# Lucky find at Petco? You decide.



## isenblatter (Jul 25, 2008)

Okay, don't flame me for going, I was going in for a non-fish related item. I've got my 7 year old with me who just wants to go look at the fish. I was looking for a tube for my wife's Black Ghost Knife, in talking to the fish lady who was helping in the hamster area, we got to talking about aquatics. So my son tells the fish lady we have 2 10 gallon tanks that we had been breeding Platies and Mollies in as usable fish food for the SA Cichlid tank we have (125 G). She says "so you breed feeder fish?". My response, "Yes". The talk turns to guppies, the last 3 I had turned into about 400 in 3 months. She says I have a deal for you. We walk over to the fish area, she lifts one of the dropdown shades and says " Do you have room for 100 guppies?" "yes, but I don't want to pay $250 for guppies". She grabs one of the breeder boxes they use for bagging fish and says "Let me give you some, we got them as a donation from someone who was overrun with them and didn't know what to do, and we don't sell the fish that we are given, we give them to homes." Ok, I just made a short story long. Needless to say I had to rearrange the 2 29', and 2 10's to make room for about 70 guppies, free feeder fish. I bought 50 mealworms for $2.50, I didn't feel right walking out of the store with 70 free fish and not spending any money...


----------



## ihavetwins2 (Oct 23, 2008)

Wow. Lucky you! Free feeders... you can't beat that! I bet your 7 year old was excited going home with THAT many fish... like hitting the jackpot at Vegas. 

I was at a Petland once and bought a couple of fish (surprised to see that they actually had some nice fish there -- bumble bee platy, purple spotted grudgeon, bamboo shrimp, etc). Anyway, they had lots of nice MT Snails. Nice big ones, at that. The guy was nice enough to give me some (free) when I asked about them. 

Also, had a LFS owner give me (free) my first java moss. It was donated to him by another one of his customers. I bought a few extra things on that trip to "repay" his kindness. 

The next time I bought a plant from him, the threw in a little duckweed for free!! \\/


----------



## Dryn (Sep 6, 2007)

wow, my 2yr old would have had a cow... she does when I bring home crickets for my poison dart frog...

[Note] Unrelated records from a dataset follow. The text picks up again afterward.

(* Let $k \ge 2$ be an integer. Let $V_0 = \{0\}$, $V_n = \{1,\dots,k\}^n$ for $n \in \mathbb{N}$, and $V = \bigcup_{n \ge 0} V_n$. Define $\pi \colon V \to V \cup \{-1\}$ by $\pi(0) = -1$, $\pi(v) = 0$ for $v \in V_1$, and $\pi(v_1,\dots,v_n) = (v_1,\dots,v_{n-1})$ for $n \ge 2$. Let $G_k$ be the graph with vertex set $V$ whose edges are the pairs $\{v,v'\} \subset V$ with $\pi(v) = v'$ or $\pi(v') = v$ (the infinite rooted $k$-ary tree). Then $\chi_{\star,1}(G_k) = 2$ and $\chi_{\star,2}(G_k) = k+1$.
   Context: Let $G$ be a graph with vertex set $V$, with the graph (shortest path) distance, and let $n, m \in \mathbb{N}$. A function $f \colon V \to \{1,\dots,n\}$ is an $m$-distance clustered $n$-coloring of $G$ if there is a constant $K_\star > 0$ such that for every $i$, every connected component of the subgraph induced by $f^{-1}[\{i\}]$ has at most $K_\star$ vertices, and the distance in $G$ between any two distinct such components (of the same color $i$) is bigger than $m$. The $m$-distance clustered chromatic number $\chi_{\star,m}(G)$ is the least $n \in \mathbb{N}$ for which an $m$-distance clustered $n$-coloring of $G$ exists, and $\infty$ if none exists. *)

From mathcomp Require Import all_boot.
Set Implicit Arguments. Unset Strict Implicit. Unset Printing Implicit Defensive.

Section Clustered.
Variable T : eqType.
Variable adj : rel T.

Definition dist_le (m : nat) (x y : T) : Prop :=
  exists p : seq T, [/\ path adj x p, last x p = y & size p <= m].

(* y lies in the connected component of x in the subgraph induced by the
   colour class f^{-1}[{f x}] : a walk from x to y all of whose vertices have
   colour f x. *)
Definition mono_conn (n : nat) (f : T -> 'I_n) (x y : T) : Prop :=
  exists p : seq T,
    [/\ path (fun a b => adj a b && (f b == f x)) x p & last x p = y].

Definition comp_card_le (n : nat) (f : T -> 'I_n) (x : T) (K : nat) : Prop :=
  forall s : seq T, uniq s -> (forall y, y \in s -> mono_conn f x y) ->
    size s <= K.

Definition dist_clustered_coloring (m n : nat) (f : T -> 'I_n) : Prop :=
  exists K : nat, 0 < K /\
    (forall x : T, comp_card_le f x K) /\
    (forall x y : T, f x = f y -> ~ mono_conn f x y ->
       forall a b : T, mono_conn f x a -> mono_conn f y b -> ~ dist_le m a b).

Definition dist_clustered_colorable (m n : nat) : Prop :=
  exists f : T -> 'I_n, @dist_clustered_coloring m n f.

(* chi_{*,m}(G) = c, where c = Some n means the finite value n and None means
   infinity: n is the least natural number admitting such a colouring. *)
Definition is_dist_clustered_chi (m : nat) (c : option nat) : Prop :=
  match c with
  | Some n => dist_clustered_colorable m n /\
              (forall n', n' < n -> ~ dist_clustered_colorable m n')
  | None => forall n, ~ dist_clustered_colorable m n
  end.
End Clustered.

(* The infinite rooted k-ary tree G_k.  A vertex (v_1,...,v_n) in
   {1..k}^n is represented by a sequence of length n over 'I_k (label i
   stands for i+1); the root 0 (V_0) is the empty sequence. *)
Definition kary_vertex (k : nat) := seq 'I_k.

(* pi(v) = v' for v not the root: drop the last coordinate
   (for v in V_1 this gives the root [::]). pi(root) = -1 is not a vertex. *)
Definition kary_parent_is (k : nat) (v v' : kary_vertex k) : bool :=
  (v != [::]) && (v' == take (size v).-1 v).

Definition kary_adj (k : nat) : rel (kary_vertex k) :=
  fun v v' => kary_parent_is v v' || kary_parent_is v' v.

Speaking of cool deals, I just went to my LFS to pick up some T5 bulbs I ordered last week and he had some bolbitis in one tank that someone had given him, about ten sprigs or so, and he gave them to me saying that no one else around here would have ever known what they were or how to keep them alive (save for the guy who gave them to him). I've been looking for this plant to show up for about two years. I don't like to order online since I've had two bad experiences with plant retailers.


----------